# Skyblue Black Cherry



## element0709 (16/8/15)

Hey guys,

I recently bought the Skyblue Black Cherry 0mg e-juice....just filled it up now..when I inhale it actually hurts my throat and lungs...like burnt coil feeling but no burnt taste..

I do direct lung inhales with all my e-juice...but this one wasn't pleasant at all.

Tried 260C at 30 Joules on Ni200 coil and then 25w with 0.5 ohm coil..all the same.

Are their Juices all like that or did I get a bad juice?


----------



## Waltervh (16/8/15)

Maybe you can ask @Melinda or @Derick ?


----------



## BuzzGlo (16/8/15)

had this juice before no issues ... I'm allergic to a couple of flavors ( berry blaze being one of them )

With flavours I'm allergic to my chest gets tight and my throat feels lumpy. Never experienced what your talking about with any juice


----------



## daniel craig (16/8/15)

element0709 said:


> Hey guys,
> 
> I recently bought the Skyblue Black Cherry 0mg e-juice....just filled it up now..when I inhale it actually hurts my throat and lungs...like burnt coil feeling but no burnt taste..
> 
> ...


Skyblue juices are always of superior quality.
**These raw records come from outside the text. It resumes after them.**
Definition is_omega1_plus_1 (d : Order.disp_t) (T : orderType d) : Prop :=
  (forall A : set T, A !=set0 -> exists2 m, A m & forall x, A x -> (m <= x)%O) /\
  exists top : T,
    (forall x, (x <= top)%O) /\
    ~ countable [set x | (x < top)%O] /\
    (forall y, (y < top)%O -> countable [set x | (x < y)%O]).

(* Below a limit [l < omega_1] the next limit [y] is approached by the
   omega-sequence of isolated points of [(l, y)].  Put [phi y = {l}] and, for
   [w] in [(l, y)], [phi w = {w, p_w}] with [p_w < l] converging to [l] as [w]
   tends to [y]; at limits of limits [phi] is the identity.  A continuous selection [f] fixes [omega_1], so closing off
   under a modulus of continuity at [omega_1] yields a limit [l] with [f >= l]
   on [(l, omega_1]].  Then [f y = l], and by continuity [f w <= l], hence
   [f w = l], for [w < y] close to [y]; but [l] is not in [phi w]. *)

From Pilot Require Import Defs.
From HB Require Import structures.
From mathcomp Require Import all_boot all_order all_algebra.
From mathcomp Require Import all_classical all_reals all_analysis.
Set Implicit Arguments. Unset Strict Implicit. Unset Printing Implicit Defensive.
Import Order.TTheory.
Local Open Scope order_scope.
Local Open Scope classical_set_scope.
Is this your first time with that flavor?


----------



## Christos (16/8/15)

I use black cherry 10% mix for my ADV. 
How much concentrate did you use?


----------



## daniel craig (16/8/15)

Christos said:


> I use black cherry 10% mix for my ADV.
> How much concentrate did you use?


I think he's talking about the pre-mixed not TFA


----------



## Christos (16/8/15)

daniel craig said:


> I think he's talking about the pre-mixed not TFA


Oh eye sea.


----------



## Vapington (16/8/15)

Hmmm maybe you got a nic one by mistake. Or you reacted to the flavour badly


----------



## Eequinox (16/8/15)

element0709 said:


> Hey guys,
> 
> I recently bought the Skyblue Black Cherry 0mg e-juice....just filled it up now..when I inhale it actually hurts my throat and lungs...like burnt coil feeling but no burnt taste..
> 
> ...


are you sure you bought e-juice and not a concentrate ?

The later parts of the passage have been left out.